**Input for this task**.
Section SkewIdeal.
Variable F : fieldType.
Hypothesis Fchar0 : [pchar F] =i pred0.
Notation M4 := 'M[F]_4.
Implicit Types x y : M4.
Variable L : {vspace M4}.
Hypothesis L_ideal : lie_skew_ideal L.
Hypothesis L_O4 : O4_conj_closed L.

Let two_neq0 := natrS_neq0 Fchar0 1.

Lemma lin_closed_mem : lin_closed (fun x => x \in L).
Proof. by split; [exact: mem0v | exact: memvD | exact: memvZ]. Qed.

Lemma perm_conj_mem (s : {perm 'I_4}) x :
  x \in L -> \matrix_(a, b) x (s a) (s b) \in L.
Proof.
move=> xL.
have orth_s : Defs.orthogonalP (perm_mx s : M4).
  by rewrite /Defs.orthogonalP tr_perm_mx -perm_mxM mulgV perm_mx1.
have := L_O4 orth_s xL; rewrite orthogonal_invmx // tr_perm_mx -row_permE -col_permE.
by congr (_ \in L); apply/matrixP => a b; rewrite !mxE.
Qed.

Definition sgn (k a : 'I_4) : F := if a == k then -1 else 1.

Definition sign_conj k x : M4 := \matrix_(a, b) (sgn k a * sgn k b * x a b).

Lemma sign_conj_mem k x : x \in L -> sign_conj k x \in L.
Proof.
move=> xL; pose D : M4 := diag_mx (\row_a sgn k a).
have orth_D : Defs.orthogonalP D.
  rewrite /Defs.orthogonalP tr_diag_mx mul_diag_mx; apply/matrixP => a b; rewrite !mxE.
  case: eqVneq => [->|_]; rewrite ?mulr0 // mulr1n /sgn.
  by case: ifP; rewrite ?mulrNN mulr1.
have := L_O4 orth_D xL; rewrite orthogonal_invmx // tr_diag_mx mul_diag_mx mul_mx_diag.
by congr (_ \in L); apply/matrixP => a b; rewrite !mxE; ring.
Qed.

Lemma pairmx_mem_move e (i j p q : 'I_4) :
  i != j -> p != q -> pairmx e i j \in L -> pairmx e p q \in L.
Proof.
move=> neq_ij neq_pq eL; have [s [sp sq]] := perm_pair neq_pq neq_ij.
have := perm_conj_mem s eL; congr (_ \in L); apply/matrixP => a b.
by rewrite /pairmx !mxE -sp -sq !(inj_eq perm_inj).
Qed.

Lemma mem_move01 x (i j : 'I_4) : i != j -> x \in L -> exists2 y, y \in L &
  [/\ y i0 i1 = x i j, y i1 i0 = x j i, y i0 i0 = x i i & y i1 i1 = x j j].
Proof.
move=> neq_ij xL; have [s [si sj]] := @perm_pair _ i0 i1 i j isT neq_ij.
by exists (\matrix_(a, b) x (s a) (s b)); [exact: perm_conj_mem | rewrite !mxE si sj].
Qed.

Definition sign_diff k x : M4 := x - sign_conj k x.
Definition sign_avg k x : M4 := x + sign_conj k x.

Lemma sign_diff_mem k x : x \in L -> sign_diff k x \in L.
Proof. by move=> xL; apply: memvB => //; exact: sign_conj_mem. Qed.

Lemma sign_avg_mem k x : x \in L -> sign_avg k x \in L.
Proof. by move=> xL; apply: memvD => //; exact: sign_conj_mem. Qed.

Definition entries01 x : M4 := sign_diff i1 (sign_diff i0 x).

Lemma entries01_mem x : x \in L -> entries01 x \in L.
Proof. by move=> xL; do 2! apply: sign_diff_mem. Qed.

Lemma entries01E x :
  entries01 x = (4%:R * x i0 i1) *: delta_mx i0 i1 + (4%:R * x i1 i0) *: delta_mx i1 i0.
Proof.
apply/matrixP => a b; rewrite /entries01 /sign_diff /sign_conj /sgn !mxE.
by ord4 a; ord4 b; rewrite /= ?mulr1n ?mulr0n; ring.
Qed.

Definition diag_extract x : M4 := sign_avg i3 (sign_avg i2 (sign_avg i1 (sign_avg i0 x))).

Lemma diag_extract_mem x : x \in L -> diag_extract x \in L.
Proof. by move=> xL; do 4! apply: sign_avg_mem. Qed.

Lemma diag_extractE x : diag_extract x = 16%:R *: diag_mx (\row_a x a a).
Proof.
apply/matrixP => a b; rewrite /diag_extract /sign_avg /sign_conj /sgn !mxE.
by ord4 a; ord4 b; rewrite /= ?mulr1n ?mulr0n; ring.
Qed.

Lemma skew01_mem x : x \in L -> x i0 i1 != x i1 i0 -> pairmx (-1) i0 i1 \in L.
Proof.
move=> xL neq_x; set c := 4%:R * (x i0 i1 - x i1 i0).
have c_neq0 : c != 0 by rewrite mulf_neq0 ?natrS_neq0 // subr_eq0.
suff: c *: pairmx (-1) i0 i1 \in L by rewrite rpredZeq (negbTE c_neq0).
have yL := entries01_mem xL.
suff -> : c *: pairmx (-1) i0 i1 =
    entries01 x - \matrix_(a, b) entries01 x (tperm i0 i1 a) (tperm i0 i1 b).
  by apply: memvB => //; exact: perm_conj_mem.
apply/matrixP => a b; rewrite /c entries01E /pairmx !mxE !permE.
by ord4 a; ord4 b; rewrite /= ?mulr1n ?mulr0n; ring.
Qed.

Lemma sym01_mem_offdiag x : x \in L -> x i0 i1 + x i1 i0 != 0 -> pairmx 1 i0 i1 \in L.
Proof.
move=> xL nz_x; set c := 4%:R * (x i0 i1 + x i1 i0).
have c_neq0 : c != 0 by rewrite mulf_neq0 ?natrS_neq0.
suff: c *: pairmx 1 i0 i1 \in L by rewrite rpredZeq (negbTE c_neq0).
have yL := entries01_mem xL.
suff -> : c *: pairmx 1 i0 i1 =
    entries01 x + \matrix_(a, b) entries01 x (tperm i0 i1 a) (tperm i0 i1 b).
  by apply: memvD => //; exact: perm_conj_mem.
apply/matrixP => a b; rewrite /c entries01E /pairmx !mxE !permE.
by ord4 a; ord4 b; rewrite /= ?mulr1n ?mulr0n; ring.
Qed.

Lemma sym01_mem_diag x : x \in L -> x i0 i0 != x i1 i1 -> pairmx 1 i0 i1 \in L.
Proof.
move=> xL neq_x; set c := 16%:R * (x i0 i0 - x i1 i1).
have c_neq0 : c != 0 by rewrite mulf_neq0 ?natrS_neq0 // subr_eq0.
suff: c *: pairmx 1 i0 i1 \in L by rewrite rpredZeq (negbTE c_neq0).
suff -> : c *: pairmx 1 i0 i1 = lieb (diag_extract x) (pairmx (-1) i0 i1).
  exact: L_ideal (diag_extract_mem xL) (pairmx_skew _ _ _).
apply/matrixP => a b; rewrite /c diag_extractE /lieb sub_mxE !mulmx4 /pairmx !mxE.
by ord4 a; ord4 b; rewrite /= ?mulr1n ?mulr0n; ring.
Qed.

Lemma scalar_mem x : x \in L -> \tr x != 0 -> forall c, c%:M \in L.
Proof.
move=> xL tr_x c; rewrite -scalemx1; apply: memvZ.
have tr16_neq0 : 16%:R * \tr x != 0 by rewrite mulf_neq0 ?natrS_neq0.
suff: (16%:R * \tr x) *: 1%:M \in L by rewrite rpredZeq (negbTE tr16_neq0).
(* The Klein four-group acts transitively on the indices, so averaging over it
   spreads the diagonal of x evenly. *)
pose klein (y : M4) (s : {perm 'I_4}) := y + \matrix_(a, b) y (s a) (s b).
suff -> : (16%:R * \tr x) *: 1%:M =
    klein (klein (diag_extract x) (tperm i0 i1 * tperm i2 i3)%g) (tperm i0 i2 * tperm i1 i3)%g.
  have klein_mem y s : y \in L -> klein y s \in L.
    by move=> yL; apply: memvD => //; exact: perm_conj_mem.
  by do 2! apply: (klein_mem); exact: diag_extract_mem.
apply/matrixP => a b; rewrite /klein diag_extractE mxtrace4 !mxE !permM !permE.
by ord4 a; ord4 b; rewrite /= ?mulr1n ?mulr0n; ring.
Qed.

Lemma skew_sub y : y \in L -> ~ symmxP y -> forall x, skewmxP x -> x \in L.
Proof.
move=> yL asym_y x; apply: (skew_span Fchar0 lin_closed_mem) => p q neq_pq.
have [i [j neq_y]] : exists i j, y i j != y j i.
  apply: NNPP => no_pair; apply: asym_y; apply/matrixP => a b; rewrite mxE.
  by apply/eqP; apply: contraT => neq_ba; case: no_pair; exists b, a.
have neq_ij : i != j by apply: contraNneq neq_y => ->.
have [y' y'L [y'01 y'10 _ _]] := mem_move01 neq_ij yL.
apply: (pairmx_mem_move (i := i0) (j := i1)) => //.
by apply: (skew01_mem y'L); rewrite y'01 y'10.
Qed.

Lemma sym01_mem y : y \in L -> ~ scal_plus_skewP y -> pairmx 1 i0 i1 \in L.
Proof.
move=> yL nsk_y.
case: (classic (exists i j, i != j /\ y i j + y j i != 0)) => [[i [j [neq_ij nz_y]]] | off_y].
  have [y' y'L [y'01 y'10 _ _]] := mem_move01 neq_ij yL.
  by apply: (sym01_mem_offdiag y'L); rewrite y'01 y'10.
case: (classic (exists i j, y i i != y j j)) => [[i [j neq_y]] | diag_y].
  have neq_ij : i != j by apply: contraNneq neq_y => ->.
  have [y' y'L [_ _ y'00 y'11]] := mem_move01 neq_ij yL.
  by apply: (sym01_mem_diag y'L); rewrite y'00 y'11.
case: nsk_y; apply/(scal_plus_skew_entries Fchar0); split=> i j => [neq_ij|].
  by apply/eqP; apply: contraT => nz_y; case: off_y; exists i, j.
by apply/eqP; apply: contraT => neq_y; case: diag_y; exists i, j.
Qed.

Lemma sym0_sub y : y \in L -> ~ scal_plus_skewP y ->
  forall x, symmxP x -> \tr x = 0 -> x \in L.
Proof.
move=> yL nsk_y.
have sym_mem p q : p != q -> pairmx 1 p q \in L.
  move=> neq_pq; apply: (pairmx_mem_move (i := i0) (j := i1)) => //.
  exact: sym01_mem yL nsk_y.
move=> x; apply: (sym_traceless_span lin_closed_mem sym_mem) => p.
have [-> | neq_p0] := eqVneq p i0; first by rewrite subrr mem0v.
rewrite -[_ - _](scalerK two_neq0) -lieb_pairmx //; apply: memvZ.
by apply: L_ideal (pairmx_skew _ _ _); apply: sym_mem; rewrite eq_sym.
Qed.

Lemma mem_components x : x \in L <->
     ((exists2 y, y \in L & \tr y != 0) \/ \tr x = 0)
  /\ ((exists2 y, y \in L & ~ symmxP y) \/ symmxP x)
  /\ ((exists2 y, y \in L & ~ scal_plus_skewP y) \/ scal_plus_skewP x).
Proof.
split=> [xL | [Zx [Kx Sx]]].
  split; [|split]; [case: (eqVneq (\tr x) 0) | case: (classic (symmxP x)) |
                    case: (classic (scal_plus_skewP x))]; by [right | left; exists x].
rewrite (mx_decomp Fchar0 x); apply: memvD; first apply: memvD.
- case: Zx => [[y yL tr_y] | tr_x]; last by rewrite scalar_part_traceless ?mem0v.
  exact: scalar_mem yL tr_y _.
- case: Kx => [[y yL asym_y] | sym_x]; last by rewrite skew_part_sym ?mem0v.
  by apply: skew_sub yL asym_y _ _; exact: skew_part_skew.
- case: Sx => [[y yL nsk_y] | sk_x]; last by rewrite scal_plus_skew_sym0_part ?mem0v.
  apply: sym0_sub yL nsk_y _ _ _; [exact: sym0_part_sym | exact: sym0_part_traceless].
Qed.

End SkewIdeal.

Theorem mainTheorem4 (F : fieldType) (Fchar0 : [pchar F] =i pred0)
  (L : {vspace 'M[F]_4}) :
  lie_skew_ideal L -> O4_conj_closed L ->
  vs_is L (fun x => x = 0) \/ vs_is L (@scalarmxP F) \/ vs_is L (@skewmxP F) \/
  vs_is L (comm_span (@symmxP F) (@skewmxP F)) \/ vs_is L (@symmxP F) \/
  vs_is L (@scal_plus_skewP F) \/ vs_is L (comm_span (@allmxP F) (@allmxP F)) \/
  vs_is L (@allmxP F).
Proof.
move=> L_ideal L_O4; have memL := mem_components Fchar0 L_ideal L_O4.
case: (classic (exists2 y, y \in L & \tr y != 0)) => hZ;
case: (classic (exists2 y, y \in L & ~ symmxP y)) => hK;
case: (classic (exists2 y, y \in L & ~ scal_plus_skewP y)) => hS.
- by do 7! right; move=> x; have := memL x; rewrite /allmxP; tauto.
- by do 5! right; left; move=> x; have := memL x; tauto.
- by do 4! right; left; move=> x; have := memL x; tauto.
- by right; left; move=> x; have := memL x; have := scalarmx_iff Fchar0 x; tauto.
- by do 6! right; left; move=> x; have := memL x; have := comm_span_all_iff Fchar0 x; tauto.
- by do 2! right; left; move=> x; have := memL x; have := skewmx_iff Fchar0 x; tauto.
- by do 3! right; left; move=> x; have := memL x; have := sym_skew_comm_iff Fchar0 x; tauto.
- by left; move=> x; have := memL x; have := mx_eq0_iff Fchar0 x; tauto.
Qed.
---
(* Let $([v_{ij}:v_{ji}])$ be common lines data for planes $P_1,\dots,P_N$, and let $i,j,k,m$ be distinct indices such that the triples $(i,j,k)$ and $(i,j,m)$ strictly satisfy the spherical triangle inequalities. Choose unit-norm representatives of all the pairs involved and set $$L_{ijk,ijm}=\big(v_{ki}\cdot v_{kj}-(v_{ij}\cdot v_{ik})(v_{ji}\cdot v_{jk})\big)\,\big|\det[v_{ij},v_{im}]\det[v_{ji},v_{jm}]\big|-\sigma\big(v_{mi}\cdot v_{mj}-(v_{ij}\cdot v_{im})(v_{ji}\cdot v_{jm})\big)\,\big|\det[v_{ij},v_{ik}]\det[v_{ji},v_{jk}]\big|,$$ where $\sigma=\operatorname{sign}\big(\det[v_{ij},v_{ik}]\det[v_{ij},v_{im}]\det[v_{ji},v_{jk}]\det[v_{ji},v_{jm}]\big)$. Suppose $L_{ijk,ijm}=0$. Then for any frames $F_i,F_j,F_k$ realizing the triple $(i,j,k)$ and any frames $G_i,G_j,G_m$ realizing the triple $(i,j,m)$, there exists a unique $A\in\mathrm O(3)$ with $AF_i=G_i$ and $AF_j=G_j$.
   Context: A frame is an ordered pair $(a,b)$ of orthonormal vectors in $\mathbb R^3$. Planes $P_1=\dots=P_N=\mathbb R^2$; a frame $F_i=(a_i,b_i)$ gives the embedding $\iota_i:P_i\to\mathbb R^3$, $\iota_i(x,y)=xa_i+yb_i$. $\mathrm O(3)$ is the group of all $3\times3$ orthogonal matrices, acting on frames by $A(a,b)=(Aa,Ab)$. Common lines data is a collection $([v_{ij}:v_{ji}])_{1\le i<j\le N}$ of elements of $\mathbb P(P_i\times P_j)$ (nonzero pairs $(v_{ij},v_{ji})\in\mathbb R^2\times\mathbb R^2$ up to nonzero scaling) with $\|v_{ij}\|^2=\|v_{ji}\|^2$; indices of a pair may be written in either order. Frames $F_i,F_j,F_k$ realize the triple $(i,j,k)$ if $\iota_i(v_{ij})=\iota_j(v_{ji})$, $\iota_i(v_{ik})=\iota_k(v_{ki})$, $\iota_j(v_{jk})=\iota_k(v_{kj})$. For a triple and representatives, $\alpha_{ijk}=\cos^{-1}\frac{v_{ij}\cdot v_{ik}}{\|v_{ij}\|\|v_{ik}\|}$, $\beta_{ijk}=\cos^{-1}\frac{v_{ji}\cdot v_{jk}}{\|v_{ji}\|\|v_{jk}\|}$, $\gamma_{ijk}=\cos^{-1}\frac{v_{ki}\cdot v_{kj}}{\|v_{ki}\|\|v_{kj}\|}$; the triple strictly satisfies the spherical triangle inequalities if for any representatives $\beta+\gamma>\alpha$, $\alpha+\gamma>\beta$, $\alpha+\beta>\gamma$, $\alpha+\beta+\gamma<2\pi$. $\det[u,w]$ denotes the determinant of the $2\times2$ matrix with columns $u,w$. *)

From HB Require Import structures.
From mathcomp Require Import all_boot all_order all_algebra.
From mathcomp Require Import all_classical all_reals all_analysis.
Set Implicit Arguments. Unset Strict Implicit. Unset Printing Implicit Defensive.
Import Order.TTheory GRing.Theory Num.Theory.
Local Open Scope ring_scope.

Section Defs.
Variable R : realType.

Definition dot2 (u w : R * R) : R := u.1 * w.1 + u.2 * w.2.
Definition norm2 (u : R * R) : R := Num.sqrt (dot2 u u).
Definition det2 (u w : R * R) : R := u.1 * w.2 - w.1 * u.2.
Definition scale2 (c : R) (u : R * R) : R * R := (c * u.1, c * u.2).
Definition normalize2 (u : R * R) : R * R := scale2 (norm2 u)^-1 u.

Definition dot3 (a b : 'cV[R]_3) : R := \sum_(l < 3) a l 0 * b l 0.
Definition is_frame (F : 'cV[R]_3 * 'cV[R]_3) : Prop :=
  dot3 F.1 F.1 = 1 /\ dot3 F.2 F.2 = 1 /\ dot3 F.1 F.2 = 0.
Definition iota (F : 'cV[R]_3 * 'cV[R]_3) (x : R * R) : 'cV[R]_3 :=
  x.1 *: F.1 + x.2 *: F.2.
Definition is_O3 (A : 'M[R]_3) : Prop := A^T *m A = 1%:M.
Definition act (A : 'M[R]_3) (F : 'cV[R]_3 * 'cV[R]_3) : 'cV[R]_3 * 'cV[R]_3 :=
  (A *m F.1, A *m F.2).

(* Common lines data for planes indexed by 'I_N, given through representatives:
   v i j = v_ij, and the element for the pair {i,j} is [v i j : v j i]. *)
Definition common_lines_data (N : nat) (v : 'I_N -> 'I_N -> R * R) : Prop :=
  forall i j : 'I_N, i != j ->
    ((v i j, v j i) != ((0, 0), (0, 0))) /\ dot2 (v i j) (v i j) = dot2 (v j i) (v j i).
---
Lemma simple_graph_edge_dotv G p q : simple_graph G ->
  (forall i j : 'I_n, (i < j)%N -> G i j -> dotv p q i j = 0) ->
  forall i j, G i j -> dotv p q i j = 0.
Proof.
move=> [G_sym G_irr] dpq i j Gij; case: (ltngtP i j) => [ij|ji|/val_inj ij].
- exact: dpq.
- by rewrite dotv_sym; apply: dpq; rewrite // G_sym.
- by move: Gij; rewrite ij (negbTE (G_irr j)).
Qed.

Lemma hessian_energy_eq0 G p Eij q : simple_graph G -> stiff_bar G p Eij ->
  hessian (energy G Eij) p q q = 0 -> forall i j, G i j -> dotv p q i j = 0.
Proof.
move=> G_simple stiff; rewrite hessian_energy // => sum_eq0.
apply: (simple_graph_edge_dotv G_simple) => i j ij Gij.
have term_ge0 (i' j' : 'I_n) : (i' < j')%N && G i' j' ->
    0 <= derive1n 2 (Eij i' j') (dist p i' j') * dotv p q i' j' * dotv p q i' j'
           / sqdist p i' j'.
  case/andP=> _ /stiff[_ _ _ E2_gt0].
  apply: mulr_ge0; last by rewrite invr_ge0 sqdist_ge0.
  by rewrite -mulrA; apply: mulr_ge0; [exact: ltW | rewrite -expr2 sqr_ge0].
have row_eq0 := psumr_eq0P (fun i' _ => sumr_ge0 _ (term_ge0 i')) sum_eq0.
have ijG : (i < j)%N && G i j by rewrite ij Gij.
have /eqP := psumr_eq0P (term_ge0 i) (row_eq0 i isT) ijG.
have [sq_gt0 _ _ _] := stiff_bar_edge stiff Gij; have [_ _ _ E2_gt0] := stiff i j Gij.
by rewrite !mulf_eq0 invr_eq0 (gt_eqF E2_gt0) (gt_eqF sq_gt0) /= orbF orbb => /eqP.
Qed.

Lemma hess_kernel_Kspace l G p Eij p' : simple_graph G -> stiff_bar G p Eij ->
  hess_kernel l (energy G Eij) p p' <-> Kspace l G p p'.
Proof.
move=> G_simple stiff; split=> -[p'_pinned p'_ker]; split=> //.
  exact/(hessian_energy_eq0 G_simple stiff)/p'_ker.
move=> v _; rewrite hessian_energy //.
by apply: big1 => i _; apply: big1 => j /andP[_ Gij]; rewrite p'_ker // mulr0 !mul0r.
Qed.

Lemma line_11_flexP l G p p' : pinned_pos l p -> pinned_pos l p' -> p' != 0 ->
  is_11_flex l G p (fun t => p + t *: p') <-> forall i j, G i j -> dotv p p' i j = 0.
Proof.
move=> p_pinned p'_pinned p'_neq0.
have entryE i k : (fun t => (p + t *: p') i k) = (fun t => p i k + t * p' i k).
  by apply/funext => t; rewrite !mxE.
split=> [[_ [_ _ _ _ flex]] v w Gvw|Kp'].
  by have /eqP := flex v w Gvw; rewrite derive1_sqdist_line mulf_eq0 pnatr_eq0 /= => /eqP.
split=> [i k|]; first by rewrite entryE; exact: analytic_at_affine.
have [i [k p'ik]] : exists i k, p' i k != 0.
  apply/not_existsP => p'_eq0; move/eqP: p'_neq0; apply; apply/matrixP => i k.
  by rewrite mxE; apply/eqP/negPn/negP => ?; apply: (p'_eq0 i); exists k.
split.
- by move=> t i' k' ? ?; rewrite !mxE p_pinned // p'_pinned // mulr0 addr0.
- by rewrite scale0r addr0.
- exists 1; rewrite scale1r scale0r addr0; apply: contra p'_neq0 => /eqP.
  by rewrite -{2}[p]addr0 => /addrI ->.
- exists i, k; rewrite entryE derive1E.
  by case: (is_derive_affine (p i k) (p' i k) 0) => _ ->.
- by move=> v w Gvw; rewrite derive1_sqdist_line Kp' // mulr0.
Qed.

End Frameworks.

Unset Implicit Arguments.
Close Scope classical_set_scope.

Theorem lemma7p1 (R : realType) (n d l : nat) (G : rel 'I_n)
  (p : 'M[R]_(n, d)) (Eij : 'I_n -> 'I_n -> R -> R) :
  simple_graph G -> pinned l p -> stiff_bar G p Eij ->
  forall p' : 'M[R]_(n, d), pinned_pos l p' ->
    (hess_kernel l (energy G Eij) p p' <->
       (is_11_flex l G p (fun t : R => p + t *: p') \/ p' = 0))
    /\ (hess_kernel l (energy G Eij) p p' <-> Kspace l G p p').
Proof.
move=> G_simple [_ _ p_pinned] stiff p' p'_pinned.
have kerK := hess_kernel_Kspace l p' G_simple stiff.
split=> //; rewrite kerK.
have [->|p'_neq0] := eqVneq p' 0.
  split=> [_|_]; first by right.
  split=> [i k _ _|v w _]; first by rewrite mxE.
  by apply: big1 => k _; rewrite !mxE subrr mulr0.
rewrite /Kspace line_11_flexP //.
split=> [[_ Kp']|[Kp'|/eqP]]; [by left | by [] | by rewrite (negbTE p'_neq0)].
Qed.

**Exercise aim**.
All lines above from the one holding "Section SkewIdeal." to the one holding "Let two_neq0 := natrS_neq0 Fchar0 1.", inclusive, are to be copied exactly; no other line is wanted.

**Completed task**.
Section SkewIdeal.
Variable F : fieldType.
Hypothesis Fchar0 : [pchar F] =i pred0.
Notation M4 := 'M[F]_4.
Implicit Types x y : M4.
Variable L : {vspace M4}.
Hypothesis L_ideal : lie_skew_ideal L.
Hypothesis L_O4 : O4_conj_closed L.

Let two_neq0 := natrS_neq0 Fchar0 1.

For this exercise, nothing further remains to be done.